La Saint-Valentin, bien qu'importante pour les fleuristes, n'est pas nécessairement bénéfique pour l'environnement ou pour votre budget en raison des coûts liés à l'achat d'une rose. Est-ce que cela vous fait repenser à votre tradition de cadeau ?
TL;DR
- La majorité des roses vendues pour la Saint-Valentin sont importées.
- Il existe des alternatives de fleurs locales et de saison aux roses.
- Un bouquet local peut être moins cher et plus écologique.
La Saint-Valentin : un dilemme entre amour et écologie
La Saint-Valentin est un événement majeur pour les fleuristes, mais l’achat traditionnel de roses peut poser des problèmes environnementaux et économiques. En effet, la majorité des roses vendues pendant cette période ne sont pas produites localement, mais importées de pays lointains comme le Kenya, l’Éthiopie ou l’Équateur.
Les roses : un symbole d’amour aux coûts cachés
« Symbole de l’amour », « tradition commerciale », la rose rouge est au centre des festivités de la Saint-Valentin. Cependant, la triste réalité est qu’une infime part de ces roses sont françaises. Selon Hélène Taquet, présidente du Collectif de la Fleur Française, « Le problème, ce ne sont pas les roses, mais les roses importées. » En effet, la culture des roses en France est devenue peu rentable face à la concurrence internationale et aux restrictions sur les produits phytosanitaires.
Des alternatives aux roses importées
Face à cette situation, il existe heureusement de nombreuses alternatives.
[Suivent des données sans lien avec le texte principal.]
Lemma nc_chain_extend F u v S p : nc_chain F u v S -> p \in F -> below (u, v) p ->
  nc_chain F p.1 p.2 (p |: S) /\ #|p |: S| = #|S|.+1.
Proof.
move=> hS pF uvp; have [sF uvS hnc _] := nc_chainP _ _ _ _ hS.
have belowS s : s \in S -> below s p.
  move=> sS; case: (eqVneq s (u, v)) => [->//|ne].
  exact: below_trans (nc_chain_below hS sS ne) uvp.
have pS : p \notin S by apply/negP=> /belowS; rewrite below_irr.
split; last by rewrite cardsU1 pS.
apply: nc_chain_of_below; rewrite -?surjective_pairing.
- by rewrite subUset sub1set pF sF.
- exact: setU11.
- move=> s t /setU1P[->|sS] /setU1P[->|tS]; rewrite ?eqxx // => ne.
  + by rewrite belowS ?orbT.
  + by rewrite belowS.
  + exact: hnc.
- by move=> s /setU1P[->|/belowS->]; rewrite ?eqxx ?orbT.
Qed.

Lemma nc_chain_predecessor F u v S : nc_chain F u v S -> 1 < #|S| ->
  exists2 q, below q (u, v) & nc_chain F q.1 q.2 (S :\ (u, v)).
Proof.
move=> hS cS; have [sF uvS hnc _] := nc_chainP _ _ _ _ hS.
have [|q qS' qmax] := exists_maximal below_irr below_trans (A := S :\ (u, v)).
  by rewrite -card_gt0; move: cS; rewrite [#|S|](cardsD1 (u, v)) uvS.
have /setD1P[quv qS] := qS'.
exists q; first exact: nc_chain_below hS qS quv.
apply: nc_chain_of_below; rewrite -?surjective_pairing //.
- exact: subset_trans (subsetDl _ _) sF.
- by move=> s t /setD1P[_ sS] /setD1P[_ tS]; exact: hnc.
- move=> s sS'; case: (eqVneq s q) => //= ne.
  have /setD1P[_ sS] := sS'.
  by case/orP: (hnc _ _ sS qS ne) => // bqs; have := qmax s sS'; rewrite bqs.
Qed.

Lemma chain_num_ge F u v S : nc_chain F u v S -> #|S| <= chain_num F u v.
Proof. exact: leq_bigmax_cond. Qed.

Lemma chain_num_attained F u v : (u, v) \in F ->
  exists2 S, nc_chain F u v S & #|S| = chain_num F u v.
Proof.
move=> /nc_chain1 h1; rewrite /chain_num (bigmax_eq_arg _ h1).
by case: arg_maxnP => // S hS _; exists S.
Qed.

Lemma rconfig_row_partner F u : is_rconfig F -> exists v, (u, v) \in F.
Proof.
case=> /(_ u)/eqP/cards1P[v row] _; exists v.
by have := set11 v; rewrite -row inE.
Qed.

Lemma rconfig_col_partner F v : is_rconfig F -> exists u, (u, v) \in F.
Proof.
case=> _ /(_ v)/eqP/cards1P[u col]; exists u.
by have := set11 u; rewrite -col inE.
Qed.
Taquet conseille de privilégier des fleurs locales et de saison, comme les renoncules, les anémones, les tulipes ou les narcisses. « Même si l’on est attaché aux fleurs rouges, il y a de quoi faire », affirme-t-elle. En effet, un bouquet composé de ces fleurs peut être tout aussi beau et significatif qu’un bouquet de roses.
Une option plus économique et écologique
Opter pour un bouquet local peut aussi être une décision économique judicieuse. Les coûts d’importation font augmenter le prix des roses, surtout pendant la Saint-Valentin. Par exemple, un bouquet de 19 grandes roses rouges peut coûter 39,95 euros, tandis qu’un bouquet de 25 tiges d’anémones et renoncules, d’origine France, est au même prix. De plus, un bouquet local est plus durable car il nécessite moins de transport, ce qui réduit son empreinte carbone.
En conclusion, il est possible de célébrer la Saint-Valentin de manière plus responsable et économique en choisissant des alternatives aux roses importées. Si vous tenez absolument à offrir des roses, demandez des roses françaises. Vous contribuerez ainsi à soutenir l’économie locale et à protéger l’environnement.